• _Data_:
(* Assume the setup of the context with $F$ formally real, and let $V_\lambda$ be a simple $H$-module of type $\lambda\in\Lambda$. Then: (a) there is a symmetric bilinear form $\langle\cdot,\cdot\rangle_\lambda:V_\lambda\times V_\lambda\to K$ which is $H$-invariant, i.e. $\langle h^\ast v,w\rangle_\lambda=\langle v,hw\rangle_\lambda$ for all $h\in H$, $v,w\in V_\lambda$, and positive definite in the sense that $\langle w,w\rangle_\lambda$ is always a sum of squares in $K$ which is $0$ only for $w=0$ (in particular it is nondegenerate); (b) for this form and every $w\in V_\lambda\setminus\{0\}$ one has $\nu(\langle w,w\rangle_\lambda)\in2\Gamma$; (c) $a_\lambda\in\Gamma$, and there exists a balanced matrix representation of type $\lambda$.
   Context: Setup: $\Gamma$ a totally ordered abelian group; $K$ a field with surjective valuation $\nu:K\to\Gamma\cup\{\infty\}$, valuation ring $\mathcal{O}$, maximal ideal $\mathfrak{m}$, residue field $F=\mathcal{O}/\mathfrak{m}$, assumed formally real ($-1$ not a sum of squares); $\nu$ of a matrix is the minimum over entries. $H$ is a finite-dimensional split semisimple $K$-algebra, symmetric with trace form $\tau$; $\Lambda$ indexes simple modules, $\chi_\lambda$ characters, Schur elements $c_\lambda$ defined by $\tau=\sum_\lambda c_\lambda^{-1}\chi_\lambda$. $\ast$ is a $K$-linear involutive antiautomorphism of $H$ and there is a $\ast$-symmetric basis, i.e. a basis $B$ with $B^\ast=B$ and $\tau(bc^\ast)=\delta_{bc}$. $a_\lambda:=-\tfrac12\nu(c_\lambda)$. An irreducible matrix representation $\rho$ of type $\lambda$ is balanced if $a_\lambda\in\Gamma$ and $\nu(\rho(b))\ge -a_\lambda$ for all $b$ in every $\ast$-symmetric basis. *)

From HB Require Import structures.
From mathcomp Require Import all_boot all_order all_algebra all_field.
Set Implicit Arguments. Unset Strict Implicit. Unset Printing Implicit Defensive.
Import Order.TTheory GRing.Theory.
Local Open Scope ring_scope.

Definition ordered_abelian_group (G : zmodType) (le : rel G) : Prop :=
  [/\ reflexive le, antisymmetric le, transitive le, total le
    & forall x y z : G, le x y -> le (x + z) (y + z)].

(* Γ ∪ {∞} is modelled as option Γ, with None = ∞. *)
Definition vle (G : zmodType) (le : rel G) (a b : option G) : bool :=
  match a, b with
  | _, None => true
  | None, Some _ => false
  | Some x, Some y => le x y
  end.

Definition vadd (G : zmodType) (a b : option G) : option G :=
  match a, b with
  | Some x, Some y => Some (x + y)
  | _, _ => None
  end.

Definition surj_valuation (K : fieldType) (G : zmodType) (le : rel G)
    (nu : K -> option G) : Prop :=
  [/\ forall x, nu x = None <-> x = 0,
      forall x y, nu (x * y) = vadd (nu x) (nu y),
      forall x y, vle le (nu x) (nu (x + y)) || vle le (nu y) (nu (x + y))
    & forall g : G, exists x, nu x = Some g].

Definition in_valring (K : fieldType) (G : zmodType) (le : rel G)
    (nu : K -> option G) (x : K) : bool := vle le (Some 0) (nu x).
Definition in_maxideal (K : fieldType) (G : zmodType) (le : rel G)
    (nu : K -> option G) (x : K) : bool :=
  vle le (Some 0) (nu x) && (nu x != Some 0).

(* residue field F = O/m formally real: -1 is not a sum of squares in O/m,
   i.e. there are no y_1..y_n in O with -1 - sum y_i^2 in m. *)
Definition residue_formally_real (K : fieldType) (G : zmodType) (le : rel G)
    (nu : K -> option G) : Prop :=
  ~ exists s : seq K, all (in_valring le nu) s /\
      in_maxideal le nu (- 1 - \sum_(y <- s) y ^+ 2).

Definition sum_of_squares (K : fieldType) (x : K) : Prop :=
  exists s : seq K, x = \sum_(y <- s) y ^+ 2.

Definition is_mx_repr (K : fieldType) (H : falgType K) (n : nat)
    (rho : H -> 'M[K]_n) : Prop :=
  [/\ forall (a : K) (x y : H), rho (a *: x + y) = a *: rho x + rho y,
      rho 1 = 1%:M
    & forall x y : H, rho (x * y) = rho x *m rho y].

Definition mx_repr_equiv (K : fieldType) (H : falgType K) (n : nat)
    (rho1 rho2 : H -> 'M[K]_n) : Prop :=
  exists2 P : 'M[K]_n, P \in unitmx & forall h, P *m rho1 h = rho2 h *m P.

(* H is split semisimple, with the simple modules indexed by Lambda given
   (in matrix form) by rho lambda : H -> M_{d lambda}(K): the map
   h |-> (rho lambda h)_lambda is a K-algebra isomorphism
   H ~= prod_lambda M_{d lambda}(K) (Wedderburn), each d lambda > 0. *)
Definition split_semisimple_data (K : fieldType) (H : falgType K)
    (Lambda : finType) (d : Lambda -> nat)
    (rho : forall l : Lambda, H -> 'M[K]_(d l)) : Prop :=
  [/\ forall l, (0 < d l)%N,
      forall l, is_mx_repr (rho l),
      forall x : H, (forall l, rho l x = 0) -> x = 0
    & forall M : forall l : Lambda, 'M[K]_(d l),
        exists x : H, forall l, rho l x = M l].

Definition chi (K : fieldType) (H : falgType K) (Lambda : finType)
    (d : Lambda -> nat) (rho : forall l : Lambda, H -> 'M[K]_(d l))
    (l : Lambda) (h : H) : K := \tr (rho l h).

Definition symmetrizing_form (K : fieldType) (H : falgType K) (tau : H -> K)
    : Prop :=
  [/\ forall (a : K) (x y : H), tau (a *: x + y) = a * tau x + tau y,
      forall x y : H, tau (x * y) = tau (y * x)
    & forall x : H, (forall y, tau (x * y) = 0) -> x = 0].

Definition linear_involutive_antiaut (K : fieldType) (H : falgType K)
    (star : H -> H) : Prop :=
  [/\ forall (a : K) (x y : H), star (a *: x + y) = a *: star x + star y,
      forall x y : H, star (x * y) = star y * star x
    & forall x : H, star (star x) = x].

Definition star_symmetric_basis (K : fieldType) (H : falgType K)
    (tau : H -> K) (star : H -> H) (B : seq H) : Prop :=
  [/\ basis_of fullv B,
      map star B =i B
    & forall b c, b \in B -> c \in B -> tau (b * star c) = (b == c)%:R].

Definition mx_val_ge (K : fieldType) (G : zmodType) (le : rel G)
    (nu : K -> option G) (m n : nat) (M : 'M[K]_(m, n)) (g : G) : Prop :=
  forall i j, vle le (Some g) (nu (M i j)).

Definition balanced (K : fieldType) (G : zmodType) (le : rel G)
    (nu : K -> option G) (H : falgType K) (tau : H -> K) (star : H -> H)
    (n : nat) (rho' : H -> 'M[K]_n) (a : G) : Prop :=
  forall B : seq H, star_symmetric_basis tau star B ->
    forall b, b \in B -> mx_val_ge le nu (rho' b) (- a).

(* Let B be a *-symmetric basis and s a representation of type l.  The form
   <v, w> = sum_(b in B) (s b v)^T (s b w) is visibly a sum of squares, and it is
   H-invariant because B and star B are dual bases for tau, which gives
   sum_b s (b * star h) (x) s b = sum_b s b (x) s (b * h).
   Over a valued field with formally real residue field, a sum of squares with a
   nonzero term has twice the least valuation of its terms: divided by that term
   it is 1 plus a sum of squares in O, hence a unit of O.  This gives definiteness
   and the evenness of nu <w, w>.
   Diagonalizing the form and rescaling the orthogonal basis so that every
   <e_i, e_i> has valuation 0 gives an equivalent representation r in which
   invariance reads r (star b) j i * <e_j, e_j> = <e_i, e_i> * r b i j.  Schur
   orthogonality sum_b r b i j * r (star b) j i = c_l then shows that
   nu (sum_b (r b i j)^2) = nu c_l for every *-symmetric basis, so nu c_l = -2 a_l
   is even and every r b i j has valuation at least -a_l. *)

From HB Require Import structures.
From mathcomp Require Import all_boot all_order all_algebra all_field.
Import Order.TTheory GRing.Theory.
Local Open Scope ring_scope.

Set Implicit Arguments.
Unset Strict Implicit.
Unset Printing Implicit Defensive.

Section OrderedGroup.
Variables (G : zmodType) (le : rel G).
Hypothesis hG : ordered_abelian_group le.

Lemma double_inj (g h : G) : g + g = h + h -> g = h.
Proof.
case: hG => _ anti _ total monoD.
have key x y : x + x = y + y -> le x y -> x = y.
  move=> Exy lexy; apply: (addIr x); apply: anti; apply/andP; split.
    exact: monoD.
  by rewrite Exy addrC [y + y]addrC monoD.
move=> E; case/orP: (total g h) => ?; first exact: key.
by symmetry; apply: key.
Qed.

Lemma vle_refl a : vle le a a.
Proof. by case: a => //= x; case: hG => refl *; apply: refl. Qed.

Lemma vle_trans a b e : vle le a b -> vle le b e -> vle le a e.
Proof.
case: hG => _ _ tr _ _.
by case: a => [x|]; case: b => [y|]; case: e => [z|] //=; apply: tr.
Qed.

Lemma vle_total a b : vle le a b || vle le b a.
Proof.
by case: a b => [x|] [y|] //=; rewrite ?orbT //; case: hG => _ _ _ total _; apply: total.
Qed.

Lemma le0D (g h : G) : le 0 g -> le 0 h -> le 0 (g + h).
Proof.
case: hG => _ _ tr _ monoD g0 h0.
by apply: tr h0 _; rewrite -{1}[h]add0r monoD.
Qed.

End OrderedGroup.

Section Valuation.
Variables (G : zmodType) (le : rel G) (K : fieldType) (nu : K -> option G).
Hypotheses (hG : ordered_abelian_group le) (hnu : surj_valuation le nu).

Lemma nu_eqNone x : nu x = None <-> x = 0. Proof. by case: hnu. Qed.

Lemma nu0 : nu 0 = None. Proof. exact/nu_eqNone. Qed.

Lemma nuM x y : nu (x * y) = vadd (nu x) (nu y). Proof. by case: hnu. Qed.

Lemma nu_surj g : exists x, nu x = Some g. Proof. by case: hnu. Qed.

Lemma nu_Some x : x != 0 -> exists g, nu x = Some g.
Proof.
by case E: (nu x) => [g|] x0; [exists g | move/nu_eqNone: E x0 => ->; rewrite eqxx].
Qed.

Lemma vle_None_nu x : vle le None (nu x) -> x = 0.
Proof. by case E: (nu x) => // _; apply/nu_eqNone. Qed.

Lemma nu1 : nu 1 = Some 0.
Proof.
have [g E] := nu_Some (oner_neq0 K).
rewrite E; have := nuM 1 1; rewrite mulr1 E => -[].
by rewrite -{1}[g]addr0 => /addrI ->.
Qed.

Lemma nuN1 : nu (-1) = Some 0.
Proof.
have [g E] : exists g, nu (-1) = Some g by apply: nu_Some; rewrite oppr_eq0 oner_eq0.
have := nuM (-1) (-1); rewrite mulrNN mulr1 nu1 E => -[gg0].
by congr Some; apply: (double_inj hG); rewrite addr0 -gg0.
Qed.

Lemma nuN x : nu (- x) = nu x.
Proof. by rewrite -mulN1r nuM nuN1; case: (nu x) => //= g; rewrite add0r. Qed.

Lemma nuV x g : nu x = Some g -> nu x^-1 = Some (- g).
Proof.
move=> E; have x0 : x != 0 by apply: contraPneq E => ->; rewrite nu0.
have [h Eh] := nu_Some (invr_neq0 x0).
have := nuM x x^-1; rewrite mulfV // nu1 E Eh => -[] gh.
by congr Some; apply: (addrI g); rewrite subrr.
Qed.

• _Work item_: Find "Definition surj_valuation (K" in the entries above and copy that whole line exactly, then each line after it through the line that contains "Definition in_valring (K".

• _Exercise result_:
Definition surj_valuation (K : fieldType) (G : zmodType) (le : rel G)
    (nu : K -> option G) : Prop :=
  [/\ forall x, nu x = None <-> x = 0,
      forall x y, nu (x * y) = vadd (nu x) (nu y),
      forall x y, vle le (nu x) (nu (x + y)) || vle le (nu y) (nu (x + y))
    & forall g : G, exists x, nu x = Some g].

Definition in_valring (K : fieldType) (G : zmodType) (le : rel G)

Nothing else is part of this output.